In dit verband verwijzen de aan het woord zijnde leden naar het manifest
van 15 hoogleraren in het ICT-recht dan wel in de computerbeveiliging of het
strafrecht, dat is gepubliceerd in NRC Handelsblad van 21 mei 2008. Bij
de ondertekenaars bevindt zich de hoogleraar die als supervisor optrad bij
het onderzoek dat heeft geleid tot het geciteerde rapport van de EUR. Deze
betoogt in dit artikel met zijn collega’s, dat – als de regering
de plicht tot implementatie van Richtlijn 2006/24/EG laat prevaleren boven
de eisen van artikel 8 EVRM – een bewaartermijn van 6 maanden niet moet
worden overschreden.
De leden van de SP-fractie sluiten zich graag
bij deze vragen van het CDA aan.
De leden van de PvdA-fractie stellen vast
dat met dit wetsvoorstel in zoverre sprake is van een «kop» op
Europese regelgeving dat hier verder wordt gegaan dan de Europese regelgever
voor de bestrijding of het voorkomen van terroristische aanslagen en ernstige
criminaliteit noodzakelijk acht.
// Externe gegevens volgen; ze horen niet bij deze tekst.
Lemma digits_valueE F N :
  (forall m, N <= m -> proj1_sig F m = transversal1 m) ->
  digits_value F = digit_prod (proj1_sig F) 0 N.
Proof.
  intro tail. unfold digits_value.
  pose proof (proj2_sig (constructive_indefinite_description _ (finsupp_nat_bound (proj2_sig F))))
    as tail'.
  set (M := N + support_bound F).
  rewrite <- (digit_prod_stable (N := support_bound F) (M := M) tail') by (unfold M; lia).
  rewrite (digit_prod_stable (N := N) (M := M) tail) by (unfold M; lia).
  reflexivity.
Qed.

Lemma digits_agree_iff F F' n :
  (forall m, n <= m -> proj1_sig F' m = proj1_sig F m) <->
  H n (inv (digits_value F) ** digits_value F').
Proof.
  destruct (finsupp_nat_bound (proj2_sig F)) as [N tail].
  destruct (finsupp_nat_bound (proj2_sig F')) as [N' tail'].
  set (M := n + (N + N')).
  rewrite (digits_valueE (F := F) (N := M)) by (intros; apply tail; unfold M in *; lia).
  rewrite (digits_valueE (F := F') (N := M)) by (intros; apply tail'; unfold M in *; lia).
  unfold M. rewrite !digit_prod_split. split.
  - intro agree.
    rewrite (digit_prod_ext (f := proj1_sig F') (f' := proj1_sig F)) by (intros; apply agree; lia).
    rewrite invM_cancel. apply subgroupM; [auto | apply subgroupV; auto |];
      apply (digit_prod_mem _ 0 n).
  - intros same m hm.
    destruct (Nat.lt_ge_cases m (n + (N + N'))) as [lt_m|ge_m].
    + symmetry. apply (digit_prod_coset_eq (n := n) (k := N + N')); [|lia].
      exact (coset_cancel (subH n) (digit_prod_mem _ 0 n) (digit_prod_mem _ 0 n) same).
    + rewrite tail, tail' by lia. reflexivity.
Qed.

Lemma digits_value_injective F F' : digits_value F = digits_value F' -> F = F'.
Proof.
  intro same. apply eq_sig_hprop; [intros; apply proof_irrelevance|].
  apply functional_extensionality_dep. intro m. symmetry.
  apply (proj2 (digits_agree_iff F F' 0)); [|lia].
  rewrite same, gmulVl. apply subgroup1; auto.
Qed.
In de visie van deze leden betekent dit dat
op de regering een bijzondere verantwoordelijkheid rust om aan te geven waarom
zij de met dit wetsvoorstel teweeggebrachte inbreuk op de persoonlijke levenssfeer
noodzakelijk acht en als middel voor de te bereiken doelen proportioneel.
Deze bijzondere verantwoordelijkheid betreft dan in het bijzonder de nationale «kop»
van zes maanden. Deelt de regering deze vaststelling?
Kan de regering, alle argumenten voor en tegen die in de parlementaire
voorbereiding zijn gewisseld gehoord en gewogen hebbend, nog eens aangeven
waarom zij de positie is blijven betrekken die zij heeft betrokken? Waarom
acht zij het verder gaan dan de EU noodzakelijk acht voor ons land geïndiceerd?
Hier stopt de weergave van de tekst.